Repeat the first line of the listing and each line after it, exactly, through the line containing "(forall x, y <= x <= z".
###
Lemma max_within a b f : a <= b ->
  (forall x, a <= x <= b -> cont_within a b f x) ->
  exists m, a <= m <= b /\ forall x, a <= x <= b -> f x <= f m.
Proof.
  intros Hab Hf.
  destruct (continuity_ab_maj (fun t => f (clamp a b t)) a b Hab) as [m [Hm Hmab]].
  { intros c _. apply continuity_clamp_comp; assumption. }
  exists m. split; [exact Hmab|]. intros x Hx.
  specialize (Hm x Hx). rewrite !clamp_id in Hm by assumption. exact Hm.
Qed.

Definition right_incr_at (h : R -> R) (x : R) : Prop :=
  exists delta, 0 < delta /\ forall t, inX t -> x < t < x + delta -> h x < h t.

Lemma right_incr_cont_lt h y z : 0 <= y -> y < z -> z < 1 ->
  (forall x, y <= x <= z -> cont_within y z h x) ->
  (forall x, y <= x < z -> right_incr_at h x) -> h y < h z.
Proof.
  intros Hy Hyz Hz Hc Hr.
  assert (Hstep : forall x, y <= x < z -> exists t, x < t <= z /\ h x < h t).
  { intros x Hx. destruct (Hr x Hx) as [d [Hd Hhd]].
    pose proof (Rmin_l (x + d / 2) z). pose proof (Rmin_r (x + d / 2) z).
    assert (x < Rmin (x + d / 2) z) by (apply Rmin_glb_lt; lra).
    exists (Rmin (x + d / 2) z). split; [lra|].
    apply Hhd; [unfold inX|]; lra. }
  destruct (max_within y z h) as [m [Hm Hmax]]; [lra|exact Hc|].
  destruct (Req_dec m z) as [->|Hmz].
  - destruct (Hstep y) as [t [Ht Hyt]]; [lra|].
    specialize (Hmax t ltac:(lra)). lra.
  - destruct (Hstep m) as [t [Ht Hmt]]; [lra|].
    specialize (Hmax t ltac:(lra)). lra.
Qed.

Lemma incr_on_open_interval h u v : 0 <= u -> v <= 1 ->
  (forall x, u < x < v -> cont_at_X h x) ->
  (forall x, u < x < v -> right_incr_at h x) ->
  forall y z, u < y -> y < z -> z < v -> h y < h z.
Proof.
  intros Hu Hv Hc Hr y z Hy Hyz Hz.
  apply right_incr_cont_lt; try lra.
  - intros x Hx. apply cont_at_X_within; [lra|lra|apply Hc; lra].
  - intros x Hx. apply Hr. lra.
Qed.

(* continuity at x of the map X -> X, both sides with the Sorgenfrey topology *)
Definition sorgenfrey_cont_at (h : R -> R) (x : R) : Prop :=
  forall eps, 0 < eps -> exists delta, 0 < delta /\
    forall t, inX t -> x <= t < x + delta -> h x <= h t < h x + eps.

Definition PC_sorgenfrey (h : R -> R) : Prop :=
  PC_bowtie h /\ forall x, inX x -> sorgenfrey_cont_at h x.

Lemma sorgenfrey_right_cont h x : sorgenfrey_cont_at h x -> right_cont_at_X h x.
Proof.
  intros Hs eps Heps. destruct (Hs eps Heps) as [d [Hd Hhd]].
  exists d. split; [exact Hd|]. intros t Ht Hxt Htd.
  specialize (Hhd t Ht (conj Hxt Htd)). apply Rabs_lt_between'. lra.
Qed.

Lemma sorgenfrey_right_incr h x : bij_X h -> inX x ->
  sorgenfrey_cont_at h x -> right_incr_at h x.
Proof.
  intros [_ [Hinj _]] Hx Hs. destruct (Hs 1) as [d [Hd Hhd]]; [lra|].
  exists d. split; [exact Hd|]. intros t Ht Hxt.
  destruct (Hhd t Ht ltac:(lra)) as [[Hlt|Heq] _]; [exact Hlt|].
  apply Hinj in Heq; [lra|exact Hx|exact Ht].
Qed.

Lemma sorgenfrey_of_right_cont h x : right_cont_at_X h x ->
  (exists delta, 0 < delta /\ forall t, inX t -> x <= t < x + delta -> h x <= h t) ->
  sorgenfrey_cont_at h x.
Proof.
  intros Hrc [d0 [Hd0 Hge]] eps Heps. destruct (Hrc eps Heps) as [d [Hd Hhd]].
  exists (Rmin d0 d). split; [apply Rmin_pos; assumption|].
  pose proof (Rmin_l d0 d). pose proof (Rmin_r d0 d).
  intros t Ht Hxt. specialize (Hhd t Ht ltac:(lra) ltac:(lra)).
  specialize (Hge t Ht ltac:(lra)). apply Rabs_lt_between' in Hhd. lra.
Qed.

Lemma sorgenfrey_comp h k x : (forall y, inX y -> inX (h y)) ->
  sorgenfrey_cont_at h x -> sorgenfrey_cont_at k (h x) ->
  sorgenfrey_cont_at (fun y => k (h y)) x.
Proof.
  intros HX Hh Hk eps Heps. destruct (Hk eps Heps) as [dk [Hdk Hkd]].
  destruct (Hh dk Hdk) as [dh [Hdh Hhd]].
  exists dh. split; [exact Hdh|]. intros t Ht Hxt.
  apply Hkd; [apply HX, Ht|apply Hhd; assumption].
Qed.

Lemma finite_punctured_nbhd (L : list R) x :
  exists delta, 0 < delta /\ forall z, x - delta < z < x + delta -> z <> x -> ~ In z L.
Proof.
  induction L as [|s L [d [Hd Hfree]]].
  - exists 1. split; [lra|]. intros z _ _ [].
  - destruct (Req_dec s x) as [->|Hsx].
    + exists d. split; [exact Hd|]. intros z Hz Hzx [->|Hin]; [|exact (Hfree z Hz Hzx Hin)].
      apply Hzx; reflexivity.
    + assert (Hs : 0 < Rabs (s - x)) by (apply Rabs_pos_lt; lra).
      pose proof (Rmin_l d (Rabs (s - x))). pose proof (Rmin_r d (Rabs (s - x))).
      exists (Rmin d (Rabs (s - x))). split; [apply Rmin_pos; assumption|].
      intros z Hz Hzx [<-|Hin].
      * assert (Rabs (s - x) < Rabs (s - x)) by (apply Rabs_lt_between'; lra). lra.
      * apply (Hfree z); [lra|exact Hzx|exact Hin].
Qed.

Lemma preimage_finite h (L : list R) : bij_X h ->
  exists P, forall x, inX x -> In (h x) L -> In x P.
Proof.
  intros [HX [Hinj Hsur]]. induction L as [|s L [P HP]].
  - exists nil. intros x _ [].
  - destruct (Rle_dec 0 s) as [Hs0|Hs0]; [destruct (Rlt_dec s 1) as [Hs1|Hs1]|].
    + destruct (Hsur s (conj Hs0 Hs1)) as [x0 [Hx0 Ex0]]. exists (x0 :: P).
      intros x Hx [E|Hin]; [left; apply Hinj; congruence|right; apply HP; assumption].
    + exists P. intros x Hx [E|Hin]; [|apply HP; assumption].
      destruct (HX x Hx). lra.
    + exists P. intros x Hx [E|Hin]; [|apply HP; assumption].
      destruct (HX x Hx). lra.
Qed.

Definition strictly_incr_upto (n : nat) (a : nat -> R) : Prop :=
  forall i, (i < n)%nat -> a i < a (S i).

Lemma strictly_incr_upto_le n a : strictly_incr_upto n a ->
  forall i j, (i <= j)%nat -> (j <= n)%nat -> a i <= a j.
Proof.
  intros Ha i j Hij. induction Hij as [|j Hij IH]; intro Hj; [lra|].
  specialize (Ha j ltac:(lia)). specialize (IH ltac:(lia)). lra.
Qed.

Lemma next_breakpoint (F : list R) x : x < 1 ->
  exists y, x < y <= 1 /\ (y = 1 \/ In y F) /\ forall s, In s F -> ~ (x < s < y).
Proof.
  intro Hx. induction F as [|s F [y [Hy [Ey Hfree]]]].
  - exists 1. split; [lra|]. split; [left; reflexivity|]. intros s [].
  - destruct (Rlt_dec x s) as [Hxs|Hxs]; [destruct (Rlt_dec s y) as [Hsy|Hsy]|].
    + exists s. split; [lra|]. split; [right; left; reflexivity|].
      intros s' [<-|Hin]; [lra|]. intro. apply (Hfree s' Hin). lra.
    + exists y. split; [lra|]. split; [destruct Ey; [left|right; right]; assumption|].
      intros s' [<-|Hin]; [lra|]. apply Hfree, Hin.
    + exists y. split; [lra|]. split; [destruct Ey; [left|right; right]; assumption|].
      intros s' [<-|Hin]; [lra|]. apply Hfree, Hin.
Qed.

Lemma partition_avoiding (F : list R) x : x < 1 ->
  exists n a, a 0%nat = x /\ a n = 1 /\ strictly_incr_upto n a /\
    forall i, (i < n)%nat -> forall s, In s F -> ~ (a i < s < a (S i)).
Proof.
  remember (length F) as k eqn:Hk. revert F x Hk.
  induction k as [k IH] using (well_founded_induction Wf_nat.lt_wf).
  intros F x Hk Hx.
  destruct (next_breakpoint F x Hx) as [y [[Hxy Hy1] [Ey Hfree]]].
  destruct (Req_dec y 1) as [->|Hy].
  - exists 1%nat, (fun j => match j with O => x | S _ => 1 end).
    split; [reflexivity|]. split; [reflexivity|]. split.
    + intros i Hi. replace i with 0%nat by lia. exact Hxy.
    + intros i Hi. replace i with 0%nat by lia. exact Hfree.
  - assert (HyF : In y F) by (destruct Ey; [lra|assumption]).
    set (above := fun s => if Rlt_dec y s then true else false).
    assert (Habove : forall s, In s (filter above F) <-> In s F /\ y < s).
    { intro s. rewrite filter_In. unfold above. destruct Rlt_dec; intuition easy. }
    assert (Hlen : (length (filter above F) < k)%nat).
    { assert (Hin : In y (filter (fun s => negb (above s)) F)).
      { apply filter_In. split; [exact HyF|]. unfold above. destruct Rlt_dec; [lra|reflexivity]. }
      assert (length (filter (fun s => negb (above s)) F) <> 0%nat).
      { intro E. apply length_zero_iff_nil in E. rewrite E in Hin. exact Hin. }
      pose proof (filter_length above F). lia. }
    destruct (IH _ Hlen (filter above F) y eq_refl ltac:(lra))
      as [n [b [Eb0 [Ebn [Hb Hbfree]]]]].
    exists (S n), (fun j => match j with O => x | S j => b j end).
    split; [reflexivity|]. split; [exact Ebn|]. split.
    + intros [|i] Hi; [rewrite Eb0; exact Hxy|apply Hb; lia].
    + intros [|i] Hi s Hs; [rewrite Eb0; apply Hfree, Hs|].
      intro Hbs. apply (Hbfree i ltac:(lia) s); [|exact Hbs].
      pose proof (strictly_incr_upto_le n b Hb 0 i ltac:(lia) ltac:(lia)).
      apply Habove. split; [exact Hs|lra].
Qed.

Lemma partition_cover n a : a 0%nat = 0 -> a n = 1 -> strictly_incr_upto n a ->
  forall x, inX x -> exists i, (i < n)%nat /\ a i <= x < a (S i).
Proof.
  intros H0 Hn Ha x [Hx0 Hx1].
  assert (Hcov : forall m, (m <= n)%nat -> x < a m ->
    exists i, (i < m)%nat /\ a i <= x < a (S i)).
  { induction m as [|m IH]; intros Hm Hxm; [lra|].
    destruct (Rlt_or_le x (a m)) as [Hlt|Hle].
    - destruct (IH ltac:(lia) Hlt) as [i [Hi Hxi]]. exists i. split; [lia|exact Hxi].
    - exists m. split; [lia|]. split; assumption. }
  apply Hcov; [lia|lra].
Qed.

Lemma right_limit_le h p t : right_cont_at_X h p -> inX p -> inX t -> p < t ->
  (forall s, p < s < t -> h s < h t) -> h p <= h t.
Proof.
  intros Hrc Hp Ht Hpt Hlt. apply Rnot_lt_le. intro Htp.
  destruct (Hrc (h p - h t)) as [d [Hd Hhd]]; [lra|].
  set (s := p + Rmin d (t - p) / 2).
  pose proof (Rmin_l d (t - p)). pose proof (Rmin_r d (t - p)).
  pose proof (Rmin_pos d (t - p) Hd ltac:(lra)).
  assert (Hs : Rabs (h s - h p) < h p - h t) by (apply Hhd; unfold s, inX in *; lra).
  apply Rabs_lt_between' in Hs. specialize (Hlt s ltac:(unfold s; lra)). lra.
Qed.

Lemma PC_rc_sorgenfrey h : PC_rc h -> PC_sorgenfrey h.
Proof.
  intros [[Hbow [n [a [H0 [Hn [Ha Hpieces]]]]]] Hrc]. split; [exact Hbow|].
  intros p Hp. destruct (partition_cover n a H0 Hn Ha p Hp) as [i [Hi [Hip Hpi]]].
  destruct (Hpieces i Hi) as [_ Hmon].
  apply sorgenfrey_of_right_cont; [apply Hrc, Hp|].
  exists (a (S i) - p). split; [lra|]. intros t Ht [Hpt Hti].
  destruct (Req_dec t p) as [->|Htp]; [lra|].
  apply right_limit_le; [apply Hrc, Hp|exact Hp|exact Ht|lra|].
  intros s Hs. apply Hmon; lra.
Qed.

Lemma PC_sorgenfrey_rc h : PC_sorgenfrey h -> PC_rc h.
Proof.
  intros [[Hbij [F HF]] Hs].
  destruct (partition_avoiding F 0) as [n [a [H0 [Hn [Ha Hfree]]]]]; [lra|].
  assert (Hpiece : forall i, (i < n)%nat -> 0 <= a i /\ a (S i) <= 1).
  { intros i Hi. rewrite <- H0, <- Hn.
    split; apply (strictly_incr_upto_le n a Ha); lia. }
  assert (Hc : forall i, (i < n)%nat -> forall x, a i < x < a (S i) -> cont_at_X h x).
  { intros i Hi x Hx. specialize (Hpiece i Hi).
    apply HF; [unfold inX; lra|]. intro Hin. exact (Hfree i Hi x Hin Hx). }
  split; [split; [split; [exact Hbij|exists F; exact HF]|]|].
  - exists n, a. split; [exact H0|]. split; [exact Hn|]. split; [exact Ha|].
    intros i Hi. split; [apply Hc, Hi|]. intros x y Hx Hy Hxy.
    specialize (Hpiece i Hi).
    apply (incr_on_open_interval h (a i) (a (S i))); try lra; [apply Hc, Hi|].
    intros z Hz.
    apply sorgenfrey_right_incr; [exact Hbij|unfold inX; lra|apply Hs; unfold inX; lra].
  - intros x Hx. apply sorgenfrey_right_cont, Hs, Hx.
Qed.

Lemma bij_X_comp h k : bij_X h -> bij_X k -> bij_X (fun x => k (h x)).
Proof.
  intros [HXh [Hih Hsh]] [HXk [Hik Hsk]]. split; [|split].
  - intros x Hx. apply HXk, HXh, Hx.
  - intros x y Hx Hy E. apply Hih; [exact Hx|exact Hy|]. apply Hik; auto.
  - intros z Hz. destruct (Hsk z Hz) as [y [Hy Ey]]. destruct (Hsh y Hy) as [x [Hx Ex]].
    exists x. split; [exact Hx|congruence].
Qed.

Lemma cont_at_X_comp h k x : (forall y, inX y -> inX (h y)) ->
  cont_at_X h x -> cont_at_X k (h x) -> cont_at_X (fun y => k (h y)) x.
Proof.
  intros HX Hh Hk eps Heps. destruct (Hk eps Heps) as [dk [Hdk Hkd]].
  destruct (Hh dk Hdk) as [dh [Hdh Hhd]].
  exists dh. split; [exact Hdh|]. intros y Hy Hyx. apply Hkd; auto.
Qed.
###
* Output for this exercise
Lemma max_within a b f : a <= b ->
  (forall x, a <= x <= b -> cont_within a b f x) ->
  exists m, a <= m <= b /\ forall x, a <= x <= b -> f x <= f m.
Proof.
  intros Hab Hf.
  destruct (continuity_ab_maj (fun t => f (clamp a b t)) a b Hab) as [m [Hm Hmab]].
  { intros c _. apply continuity_clamp_comp; assumption. }
  exists m. split; [exact Hmab|]. intros x Hx.
  specialize (Hm x Hx). rewrite !clamp_id in Hm by assumption. exact Hm.
Qed.

Definition right_incr_at (h : R -> R) (x : R) : Prop :=
  exists delta, 0 < delta /\ forall t, inX t -> x < t < x + delta -> h x < h t.

Lemma right_incr_cont_lt h y z : 0 <= y -> y < z -> z < 1 ->
  (forall x, y <= x <= z -> cont_within y z h x) ->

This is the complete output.